* [WORK INSTRUCTION]:
Copy the data exactly.

(Stored items)
Lemma cent1_noncentral g : g \in G :\: 'Z(G) -> 'C_G[g] = <[g]> * 'Z(G).
Proof.
move=> gGZ; have /setDP[gG gZ] := gGZ.
have sHC : <[g]> * 'Z(G) \subset 'C_G[g].
  by rewrite mul_subG ?cycle_subG ?subcent1_id ?center_sub_cent1.
apply/eqP; rewrite eq_sym eqEcard sHC card_cycle_center //.
have /(dvdn_pfactor _ _ p_pr)[e e3 oC] : #|'C_G[g]| %| p ^ 3 by rewrite -oG cardSg ?subsetIl.
rewrite oC leq_exp2l ?prime_gt1 // -ltnS ltn_neqAle e3 andbT.
apply: contraNneq gZ => e_3; have CG : 'C_G[g] = G.
  by apply/eqP; rewrite eqEcard subsetIl oG oC e_3 leqnn.
by rewrite inE gG -sub_cent1 -CG subsetIr.
Qed.

Lemma cent1_noncentral_eq a b :
  a \in G :\: 'Z(G) -> b \in 'C_G[a] :\: 'Z(G) -> 'C_G[b] = 'C_G[a].
Proof.
move=> aGZ /setDP[bC bZ]; have bGZ : b \in G :\: 'Z(G).
  by rewrite inE bZ (subsetP (subsetIl G 'C[a])).
rewrite [LHS]cent1_noncentral //; apply/eqP; rewrite eqEcard mul_subG ?cycle_subG //.
  by rewrite (cent1_noncentral aGZ) !card_cycle_center ?leqnn.
by rewrite center_sub_cent1 //; case/setDP: aGZ.
Qed.

Lemma zclass_noncentral g : g \in G :\: 'Z(G) -> zclass p G g = 'C_G[g] :\: 'Z(G).
Proof.
move=> gGZ; have /setDP[gG gZ] := gGZ.
have og : #[g] = p by rewrite order_p3group //; apply: contraNneq gZ => ->.
apply/setP=> x; rewrite inE (cent1_noncentral gGZ) /zclass inE.
apply/idP/idP.
  case/existsP=> l /andP[l0 /exists_inP[u uZ /eqP ->]].
  rewrite mem_mulg ?mem_cycle // andbT; apply: contra gZ; rewrite groupMr // => glZ.
  have gl1 : g ^+ l != 1 by rewrite -order_dvdn og gtnNdvd.
  have cyc_gl : <[g ^+ l]> = <[g]>.
    by apply/eqP; rewrite eqEcard cycleX -!orderE og order_p3group ?groupX ?leqnn.
  by rewrite -cycle_subG -cyc_gl cycle_subG.
case/andP=> xZ /mulsgP[_ u /cycleP[m ->] uZ x_def]; subst x.
rewrite -[g ^+ m]expg_mod_order og in xZ *.
have lp : m %% p < p by rewrite ltn_mod prime_gt0.
apply/existsP; exists (Ordinal lp); rewrite lt0n /=.
apply/andP; split; last by apply/exists_inP; exists u.
by apply: contraNneq xZ => ->; rewrite mul1g.
Qed.

Lemma commg_zclass_neq1 g a b :
  g \in G :\: 'Z(G) -> a \in zclass p G g -> b \in G :\: 'Z(G) ->
  b \notin zclass p G g -> [~ b, a] != 1.
Proof.
move=> gGZ aK /setDP[bG bZ]; rewrite (zclass_noncentral gGZ) in aK *.
apply: contra => /commgP/esym/cent1P ba; rewrite inE bZ /=.
have aGZ : a \in G :\: 'Z(G) by case/setDP: aK => /setIP[aG _] aZ; rewrite inE aZ.
have bCa : b \in 'C_G[a] :\: 'Z(G) by rewrite inE bZ inE bG cent1C.
by rewrite -(cent1_noncentral_eq gGZ aK) -(cent1_noncentral_eq aGZ bCa) subcent1_id.
Qed.

Lemma coset_class a x : a \in G -> x \in a ^: G -> coset 'Z(G) x = coset 'Z(G) a.
Proof.
move=> aG /imsetP[y yG ->]; have aZy := commg_center aG yG.
by rewrite conjg_mulR morphM ?(subsetP nZG) ?groupR //= (coset_id aZy) mulg1.
Qed.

* [WRITTEN RESPONSE]:
Lemma cent1_noncentral g : g \in G :\: 'Z(G) -> 'C_G[g] = <[g]> * 'Z(G).
Proof.
move=> gGZ; have /setDP[gG gZ] := gGZ.
have sHC : <[g]> * 'Z(G) \subset 'C_G[g].
  by rewrite mul_subG ?cycle_subG ?subcent1_id ?center_sub_cent1.
apply/eqP; rewrite eq_sym eqEcard sHC card_cycle_center //.
have /(dvdn_pfactor _ _ p_pr)[e e3 oC] : #|'C_G[g]| %| p ^ 3 by rewrite -oG cardSg ?subsetIl.
rewrite oC leq_exp2l ?prime_gt1 // -ltnS ltn_neqAle e3 andbT.
apply: contraNneq gZ => e_3; have CG : 'C_G[g] = G.
  by apply/eqP; rewrite eqEcard subsetIl oG oC e_3 leqnn.
by rewrite inE gG -sub_cent1 -CG subsetIr.
Qed.

Lemma cent1_noncentral_eq a b :
  a \in G :\: 'Z(G) -> b \in 'C_G[a] :\: 'Z(G) -> 'C_G[b] = 'C_G[a].
Proof.
move=> aGZ /setDP[bC bZ]; have bGZ : b \in G :\: 'Z(G).
  by rewrite inE bZ (subsetP (subsetIl G 'C[a])).
rewrite [LHS]cent1_noncentral //; apply/eqP; rewrite eqEcard mul_subG ?cycle_subG //.
  by rewrite (cent1_noncentral aGZ) !card_cycle_center ?leqnn.
by rewrite center_sub_cent1 //; case/setDP: aGZ.
Qed.

Lemma zclass_noncentral g : g \in G :\: 'Z(G) -> zclass p G g = 'C_G[g] :\: 'Z(G).
Proof.
move=> gGZ; have /setDP[gG gZ] := gGZ.
have og : #[g] = p by rewrite order_p3group //; apply: contraNneq gZ => ->.
apply/setP=> x; rewrite inE (cent1_noncentral gGZ) /zclass inE.
apply/idP/idP.
  case/existsP=> l /andP[l0 /exists_inP[u uZ /eqP ->]].
  rewrite mem_mulg ?mem_cycle // andbT; apply: contra gZ; rewrite groupMr // => glZ.
  have gl1 : g ^+ l != 1 by rewrite -order_dvdn og gtnNdvd.
  have cyc_gl : <[g ^+ l]> = <[g]>.
    by apply/eqP; rewrite eqEcard cycleX -!orderE og order_p3group ?groupX ?leqnn.
  by rewrite -cycle_subG -cyc_gl cycle_subG.
case/andP=> xZ /mulsgP[_ u /cycleP[m ->] uZ x_def]; subst x.
rewrite -[g ^+ m]expg_mod_order og in xZ *.
have lp : m %% p < p by rewrite ltn_mod prime_gt0.
apply/existsP; exists (Ordinal lp); rewrite lt0n /=.
apply/andP; split; last by apply/exists_inP; exists u.
by apply: contraNneq xZ => ->; rewrite mul1g.
Qed.

Lemma commg_zclass_neq1 g a b :
  g \in G :\: 'Z(G) -> a \in zclass p G g -> b \in G :\: 'Z(G) ->
  b \notin zclass p G g -> [~ b, a] != 1.
Proof.
move=> gGZ aK /setDP[bG bZ]; rewrite (zclass_noncentral gGZ) in aK *.
apply: contra => /commgP/esym/cent1P ba; rewrite inE bZ /=.
have aGZ : a \in G :\: 'Z(G) by case/setDP: aK => /setIP[aG _] aZ; rewrite inE aZ.
have bCa : b \in 'C_G[a] :\: 'Z(G) by rewrite inE bZ inE bG cent1C.
by rewrite -(cent1_noncentral_eq gGZ aK) -(cent1_noncentral_eq aGZ bCa) subcent1_id.
Qed.

Lemma coset_class a x : a \in G -> x \in a ^: G -> coset 'Z(G) x = coset 'Z(G) a.
Proof.
move=> aG /imsetP[y yG ->]; have aZy := commg_center aG yG.
by rewrite conjg_mulR morphM ?(subsetP nZG) ?groupR //= (coset_id aZy) mulg1.
Qed.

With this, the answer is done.